═══ DATA SHOWN

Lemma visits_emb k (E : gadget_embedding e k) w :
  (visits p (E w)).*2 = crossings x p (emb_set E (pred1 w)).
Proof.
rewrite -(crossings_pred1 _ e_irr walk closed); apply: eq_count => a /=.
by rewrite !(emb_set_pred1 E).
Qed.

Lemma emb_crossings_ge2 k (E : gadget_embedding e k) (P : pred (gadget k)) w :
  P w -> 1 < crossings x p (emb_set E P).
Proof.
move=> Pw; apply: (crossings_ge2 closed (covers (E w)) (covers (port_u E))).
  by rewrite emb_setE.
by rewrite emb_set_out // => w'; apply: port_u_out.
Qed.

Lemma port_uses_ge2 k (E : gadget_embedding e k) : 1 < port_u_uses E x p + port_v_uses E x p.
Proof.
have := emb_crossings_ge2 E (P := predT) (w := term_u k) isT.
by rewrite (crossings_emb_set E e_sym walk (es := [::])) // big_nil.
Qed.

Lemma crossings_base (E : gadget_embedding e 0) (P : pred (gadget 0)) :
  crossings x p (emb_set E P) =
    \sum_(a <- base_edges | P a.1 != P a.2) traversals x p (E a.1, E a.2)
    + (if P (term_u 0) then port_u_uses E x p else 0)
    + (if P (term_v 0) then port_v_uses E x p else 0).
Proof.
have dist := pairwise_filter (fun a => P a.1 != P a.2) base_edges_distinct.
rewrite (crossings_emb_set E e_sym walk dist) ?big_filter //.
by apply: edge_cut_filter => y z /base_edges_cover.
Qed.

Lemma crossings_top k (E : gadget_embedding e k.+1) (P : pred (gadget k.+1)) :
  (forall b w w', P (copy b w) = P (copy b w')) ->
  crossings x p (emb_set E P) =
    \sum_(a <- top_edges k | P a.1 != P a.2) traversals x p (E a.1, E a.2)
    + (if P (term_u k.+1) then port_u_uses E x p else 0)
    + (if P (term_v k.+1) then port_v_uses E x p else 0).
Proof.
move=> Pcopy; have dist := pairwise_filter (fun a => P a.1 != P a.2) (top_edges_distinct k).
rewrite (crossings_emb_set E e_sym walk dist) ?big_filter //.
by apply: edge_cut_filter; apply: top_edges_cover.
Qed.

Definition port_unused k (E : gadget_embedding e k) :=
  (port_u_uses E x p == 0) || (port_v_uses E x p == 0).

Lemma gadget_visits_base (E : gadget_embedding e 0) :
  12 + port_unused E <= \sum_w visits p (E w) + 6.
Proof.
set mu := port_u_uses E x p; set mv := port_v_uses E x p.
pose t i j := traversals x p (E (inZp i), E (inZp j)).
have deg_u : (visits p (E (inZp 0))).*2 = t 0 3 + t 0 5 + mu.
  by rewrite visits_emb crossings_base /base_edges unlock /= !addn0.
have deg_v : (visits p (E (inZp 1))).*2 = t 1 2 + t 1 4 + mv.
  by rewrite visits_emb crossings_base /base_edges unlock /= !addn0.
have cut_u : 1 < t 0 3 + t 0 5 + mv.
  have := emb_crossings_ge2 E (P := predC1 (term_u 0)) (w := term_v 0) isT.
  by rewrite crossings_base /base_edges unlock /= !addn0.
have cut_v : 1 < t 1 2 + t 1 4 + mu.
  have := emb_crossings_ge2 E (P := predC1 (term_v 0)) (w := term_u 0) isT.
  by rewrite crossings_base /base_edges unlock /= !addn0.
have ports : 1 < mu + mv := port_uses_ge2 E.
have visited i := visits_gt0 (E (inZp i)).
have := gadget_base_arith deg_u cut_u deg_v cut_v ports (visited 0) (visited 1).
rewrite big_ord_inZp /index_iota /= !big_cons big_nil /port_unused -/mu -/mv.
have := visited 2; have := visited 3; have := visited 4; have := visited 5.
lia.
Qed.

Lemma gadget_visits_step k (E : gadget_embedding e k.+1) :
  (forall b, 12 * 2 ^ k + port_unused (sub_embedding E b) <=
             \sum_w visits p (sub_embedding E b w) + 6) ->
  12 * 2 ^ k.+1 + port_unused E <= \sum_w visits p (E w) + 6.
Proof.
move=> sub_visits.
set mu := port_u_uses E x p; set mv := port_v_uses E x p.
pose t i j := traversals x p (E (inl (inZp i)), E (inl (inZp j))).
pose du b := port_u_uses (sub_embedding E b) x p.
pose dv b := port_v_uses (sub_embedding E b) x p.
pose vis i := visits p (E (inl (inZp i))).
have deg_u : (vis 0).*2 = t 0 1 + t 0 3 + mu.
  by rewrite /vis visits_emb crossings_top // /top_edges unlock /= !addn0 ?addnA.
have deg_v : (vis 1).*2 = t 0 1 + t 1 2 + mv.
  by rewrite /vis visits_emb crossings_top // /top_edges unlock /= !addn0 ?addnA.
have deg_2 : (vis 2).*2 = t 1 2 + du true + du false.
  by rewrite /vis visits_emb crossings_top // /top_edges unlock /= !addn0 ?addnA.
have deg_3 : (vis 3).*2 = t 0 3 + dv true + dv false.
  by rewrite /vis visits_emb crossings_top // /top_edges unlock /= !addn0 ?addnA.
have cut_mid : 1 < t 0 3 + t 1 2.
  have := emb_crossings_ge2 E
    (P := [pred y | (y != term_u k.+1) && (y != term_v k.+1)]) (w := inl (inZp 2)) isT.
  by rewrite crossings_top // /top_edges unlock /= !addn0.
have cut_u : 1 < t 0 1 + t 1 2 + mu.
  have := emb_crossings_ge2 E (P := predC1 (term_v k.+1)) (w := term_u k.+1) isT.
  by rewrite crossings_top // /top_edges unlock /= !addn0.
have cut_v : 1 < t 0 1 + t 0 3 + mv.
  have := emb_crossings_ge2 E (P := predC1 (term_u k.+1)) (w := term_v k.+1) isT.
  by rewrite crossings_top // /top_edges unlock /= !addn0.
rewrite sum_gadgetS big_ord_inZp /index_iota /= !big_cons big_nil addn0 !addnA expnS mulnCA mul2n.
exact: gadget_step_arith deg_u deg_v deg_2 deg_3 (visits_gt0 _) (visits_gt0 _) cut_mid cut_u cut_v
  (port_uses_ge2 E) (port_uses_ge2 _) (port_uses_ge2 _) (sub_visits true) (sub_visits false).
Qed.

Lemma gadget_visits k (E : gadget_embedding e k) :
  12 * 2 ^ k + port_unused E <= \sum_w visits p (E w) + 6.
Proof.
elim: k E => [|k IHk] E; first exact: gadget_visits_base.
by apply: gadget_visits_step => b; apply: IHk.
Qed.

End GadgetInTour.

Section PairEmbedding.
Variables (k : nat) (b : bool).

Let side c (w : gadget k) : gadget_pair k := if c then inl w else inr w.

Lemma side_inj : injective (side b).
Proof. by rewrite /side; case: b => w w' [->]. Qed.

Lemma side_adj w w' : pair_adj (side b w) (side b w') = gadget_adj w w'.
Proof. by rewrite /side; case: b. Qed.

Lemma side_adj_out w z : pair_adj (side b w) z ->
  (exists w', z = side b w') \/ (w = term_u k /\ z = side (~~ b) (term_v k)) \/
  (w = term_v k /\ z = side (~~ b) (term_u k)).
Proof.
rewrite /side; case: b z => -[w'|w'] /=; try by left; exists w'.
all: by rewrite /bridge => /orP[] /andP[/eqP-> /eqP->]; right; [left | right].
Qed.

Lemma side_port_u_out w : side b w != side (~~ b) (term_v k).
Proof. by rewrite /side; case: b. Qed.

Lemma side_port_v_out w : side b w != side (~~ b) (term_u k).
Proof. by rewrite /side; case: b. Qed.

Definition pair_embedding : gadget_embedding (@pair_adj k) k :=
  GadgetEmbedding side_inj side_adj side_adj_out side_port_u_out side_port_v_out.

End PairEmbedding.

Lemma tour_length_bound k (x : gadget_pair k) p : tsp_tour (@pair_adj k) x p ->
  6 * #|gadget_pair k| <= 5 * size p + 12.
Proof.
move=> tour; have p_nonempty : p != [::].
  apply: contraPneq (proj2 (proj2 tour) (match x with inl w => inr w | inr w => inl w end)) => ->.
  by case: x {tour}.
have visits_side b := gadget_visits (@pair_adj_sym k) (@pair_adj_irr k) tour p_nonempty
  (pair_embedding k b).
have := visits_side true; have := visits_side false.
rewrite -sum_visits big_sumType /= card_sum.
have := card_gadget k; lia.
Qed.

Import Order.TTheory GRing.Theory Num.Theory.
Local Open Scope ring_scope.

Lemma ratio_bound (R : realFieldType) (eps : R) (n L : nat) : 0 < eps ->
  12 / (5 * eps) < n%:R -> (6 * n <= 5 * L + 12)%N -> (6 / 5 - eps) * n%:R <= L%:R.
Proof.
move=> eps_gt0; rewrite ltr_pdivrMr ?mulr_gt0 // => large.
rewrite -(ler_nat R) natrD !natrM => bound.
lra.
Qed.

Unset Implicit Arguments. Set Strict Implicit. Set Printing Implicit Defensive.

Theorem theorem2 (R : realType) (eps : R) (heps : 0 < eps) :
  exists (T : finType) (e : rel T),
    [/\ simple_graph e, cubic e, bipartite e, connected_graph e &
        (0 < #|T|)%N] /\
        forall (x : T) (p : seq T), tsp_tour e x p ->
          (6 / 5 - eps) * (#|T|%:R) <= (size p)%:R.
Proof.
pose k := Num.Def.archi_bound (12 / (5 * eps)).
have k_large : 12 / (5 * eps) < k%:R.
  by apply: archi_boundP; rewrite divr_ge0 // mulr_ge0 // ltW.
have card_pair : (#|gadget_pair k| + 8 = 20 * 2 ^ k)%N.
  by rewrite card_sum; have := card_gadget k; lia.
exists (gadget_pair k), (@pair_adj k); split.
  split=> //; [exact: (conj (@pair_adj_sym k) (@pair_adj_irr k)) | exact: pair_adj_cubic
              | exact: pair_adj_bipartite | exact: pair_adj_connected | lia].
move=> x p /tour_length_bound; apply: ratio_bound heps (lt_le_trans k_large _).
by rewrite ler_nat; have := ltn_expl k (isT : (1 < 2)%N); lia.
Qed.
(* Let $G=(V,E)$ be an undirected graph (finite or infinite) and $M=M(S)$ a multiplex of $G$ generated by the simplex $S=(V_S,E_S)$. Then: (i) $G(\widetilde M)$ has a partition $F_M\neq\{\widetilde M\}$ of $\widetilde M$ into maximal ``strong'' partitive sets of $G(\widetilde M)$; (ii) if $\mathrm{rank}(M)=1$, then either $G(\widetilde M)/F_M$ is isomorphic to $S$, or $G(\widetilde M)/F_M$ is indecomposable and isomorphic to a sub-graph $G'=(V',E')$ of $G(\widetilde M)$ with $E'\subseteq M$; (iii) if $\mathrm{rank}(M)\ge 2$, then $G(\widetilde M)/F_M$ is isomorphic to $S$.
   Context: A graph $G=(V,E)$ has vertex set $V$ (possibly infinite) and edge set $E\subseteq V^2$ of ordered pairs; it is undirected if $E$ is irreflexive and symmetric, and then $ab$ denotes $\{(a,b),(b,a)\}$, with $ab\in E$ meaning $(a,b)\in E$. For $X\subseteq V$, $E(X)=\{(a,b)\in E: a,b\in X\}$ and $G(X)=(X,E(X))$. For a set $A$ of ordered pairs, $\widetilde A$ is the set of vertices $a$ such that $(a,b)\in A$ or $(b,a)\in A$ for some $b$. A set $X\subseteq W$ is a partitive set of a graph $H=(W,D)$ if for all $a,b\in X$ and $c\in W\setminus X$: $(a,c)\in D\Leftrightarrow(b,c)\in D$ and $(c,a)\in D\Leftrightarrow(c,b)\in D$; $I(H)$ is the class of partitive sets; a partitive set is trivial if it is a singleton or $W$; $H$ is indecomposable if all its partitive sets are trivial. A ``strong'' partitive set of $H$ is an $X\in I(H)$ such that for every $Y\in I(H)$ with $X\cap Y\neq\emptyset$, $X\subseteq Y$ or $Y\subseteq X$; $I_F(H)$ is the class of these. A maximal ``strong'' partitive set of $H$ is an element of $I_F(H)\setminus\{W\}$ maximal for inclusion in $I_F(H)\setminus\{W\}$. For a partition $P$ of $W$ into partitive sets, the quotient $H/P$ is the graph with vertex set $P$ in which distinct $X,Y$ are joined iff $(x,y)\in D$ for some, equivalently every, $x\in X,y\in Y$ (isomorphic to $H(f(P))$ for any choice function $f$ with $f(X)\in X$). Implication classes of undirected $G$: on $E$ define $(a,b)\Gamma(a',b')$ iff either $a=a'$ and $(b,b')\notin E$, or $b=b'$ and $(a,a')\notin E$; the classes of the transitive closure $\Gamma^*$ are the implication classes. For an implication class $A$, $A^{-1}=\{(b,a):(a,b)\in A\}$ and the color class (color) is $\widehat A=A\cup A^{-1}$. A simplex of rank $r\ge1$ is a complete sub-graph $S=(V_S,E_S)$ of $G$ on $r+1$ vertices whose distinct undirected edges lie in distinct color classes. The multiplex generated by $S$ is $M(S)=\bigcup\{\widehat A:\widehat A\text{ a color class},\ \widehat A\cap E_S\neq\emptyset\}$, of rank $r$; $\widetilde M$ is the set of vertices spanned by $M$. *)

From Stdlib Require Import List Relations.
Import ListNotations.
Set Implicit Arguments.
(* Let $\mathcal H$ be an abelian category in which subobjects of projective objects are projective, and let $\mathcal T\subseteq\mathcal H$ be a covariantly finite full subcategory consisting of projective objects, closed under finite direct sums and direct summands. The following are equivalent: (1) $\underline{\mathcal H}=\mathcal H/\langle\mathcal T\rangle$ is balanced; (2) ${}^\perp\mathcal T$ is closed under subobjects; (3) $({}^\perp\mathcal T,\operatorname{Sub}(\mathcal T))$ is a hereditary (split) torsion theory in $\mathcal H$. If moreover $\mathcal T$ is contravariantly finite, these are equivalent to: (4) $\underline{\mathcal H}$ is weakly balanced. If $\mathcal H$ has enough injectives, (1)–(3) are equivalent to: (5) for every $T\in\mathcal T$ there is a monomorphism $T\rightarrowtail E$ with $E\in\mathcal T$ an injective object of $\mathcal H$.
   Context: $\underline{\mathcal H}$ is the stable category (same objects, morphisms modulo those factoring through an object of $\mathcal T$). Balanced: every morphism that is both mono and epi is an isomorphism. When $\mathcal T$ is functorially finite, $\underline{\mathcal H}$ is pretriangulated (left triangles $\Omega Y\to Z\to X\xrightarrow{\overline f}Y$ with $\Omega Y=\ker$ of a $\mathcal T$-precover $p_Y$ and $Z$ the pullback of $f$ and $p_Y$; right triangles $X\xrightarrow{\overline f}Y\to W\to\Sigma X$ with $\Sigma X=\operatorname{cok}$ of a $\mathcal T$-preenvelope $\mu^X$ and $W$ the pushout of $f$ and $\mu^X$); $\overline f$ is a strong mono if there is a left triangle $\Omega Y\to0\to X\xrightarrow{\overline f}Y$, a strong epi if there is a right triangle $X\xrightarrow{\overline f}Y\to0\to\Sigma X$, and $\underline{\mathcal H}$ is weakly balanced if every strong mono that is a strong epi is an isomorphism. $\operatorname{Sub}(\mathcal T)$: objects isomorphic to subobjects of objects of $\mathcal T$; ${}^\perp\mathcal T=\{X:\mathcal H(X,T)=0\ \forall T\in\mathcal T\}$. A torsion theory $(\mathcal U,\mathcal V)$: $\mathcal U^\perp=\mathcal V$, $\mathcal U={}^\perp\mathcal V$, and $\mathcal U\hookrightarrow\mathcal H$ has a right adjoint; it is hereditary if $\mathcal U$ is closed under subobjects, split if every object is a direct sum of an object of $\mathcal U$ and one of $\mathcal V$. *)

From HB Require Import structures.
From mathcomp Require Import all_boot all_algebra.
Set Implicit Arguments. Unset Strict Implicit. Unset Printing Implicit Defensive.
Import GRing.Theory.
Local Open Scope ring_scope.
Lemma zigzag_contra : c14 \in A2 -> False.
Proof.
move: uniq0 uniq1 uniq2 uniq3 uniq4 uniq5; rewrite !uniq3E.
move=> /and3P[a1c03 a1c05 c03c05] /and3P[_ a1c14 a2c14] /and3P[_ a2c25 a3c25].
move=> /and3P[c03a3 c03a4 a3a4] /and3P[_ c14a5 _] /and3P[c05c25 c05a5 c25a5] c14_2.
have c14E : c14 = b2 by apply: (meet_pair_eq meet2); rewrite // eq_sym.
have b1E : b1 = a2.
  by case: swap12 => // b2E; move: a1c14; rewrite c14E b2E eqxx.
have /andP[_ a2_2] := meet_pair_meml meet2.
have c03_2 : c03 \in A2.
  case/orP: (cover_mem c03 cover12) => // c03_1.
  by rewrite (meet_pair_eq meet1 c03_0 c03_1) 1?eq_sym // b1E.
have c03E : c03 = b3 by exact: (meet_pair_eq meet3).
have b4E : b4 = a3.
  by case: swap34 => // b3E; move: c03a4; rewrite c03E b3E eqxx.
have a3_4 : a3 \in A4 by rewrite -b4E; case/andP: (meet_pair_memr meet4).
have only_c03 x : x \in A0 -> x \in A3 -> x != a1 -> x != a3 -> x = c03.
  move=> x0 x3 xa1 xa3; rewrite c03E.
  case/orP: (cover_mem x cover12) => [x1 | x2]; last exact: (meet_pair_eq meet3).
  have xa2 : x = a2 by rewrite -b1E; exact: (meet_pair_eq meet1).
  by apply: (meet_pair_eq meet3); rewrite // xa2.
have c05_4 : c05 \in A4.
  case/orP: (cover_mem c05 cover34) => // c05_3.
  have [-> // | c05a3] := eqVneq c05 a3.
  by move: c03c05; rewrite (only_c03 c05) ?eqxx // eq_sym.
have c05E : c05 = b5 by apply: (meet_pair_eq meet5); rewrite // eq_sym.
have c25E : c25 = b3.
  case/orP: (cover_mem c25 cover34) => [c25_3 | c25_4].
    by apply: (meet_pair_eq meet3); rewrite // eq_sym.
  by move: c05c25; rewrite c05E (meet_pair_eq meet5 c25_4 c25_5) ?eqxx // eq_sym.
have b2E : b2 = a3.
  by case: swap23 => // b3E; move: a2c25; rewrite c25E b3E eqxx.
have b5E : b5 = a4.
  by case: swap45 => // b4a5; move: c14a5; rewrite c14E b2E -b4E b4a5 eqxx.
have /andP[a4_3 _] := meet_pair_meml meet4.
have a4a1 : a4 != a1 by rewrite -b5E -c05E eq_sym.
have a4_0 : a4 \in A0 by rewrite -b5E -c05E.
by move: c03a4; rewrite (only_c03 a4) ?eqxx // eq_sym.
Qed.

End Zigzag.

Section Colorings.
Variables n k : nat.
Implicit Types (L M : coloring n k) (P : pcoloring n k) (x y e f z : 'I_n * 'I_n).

══════

● **WHAT YOU ARE ASKED TO DO**: Search the material for the word "Section". Each line where it is found must be copied.

● **RESULT OF THE TASK**:
Section PairEmbedding.
Section Colorings.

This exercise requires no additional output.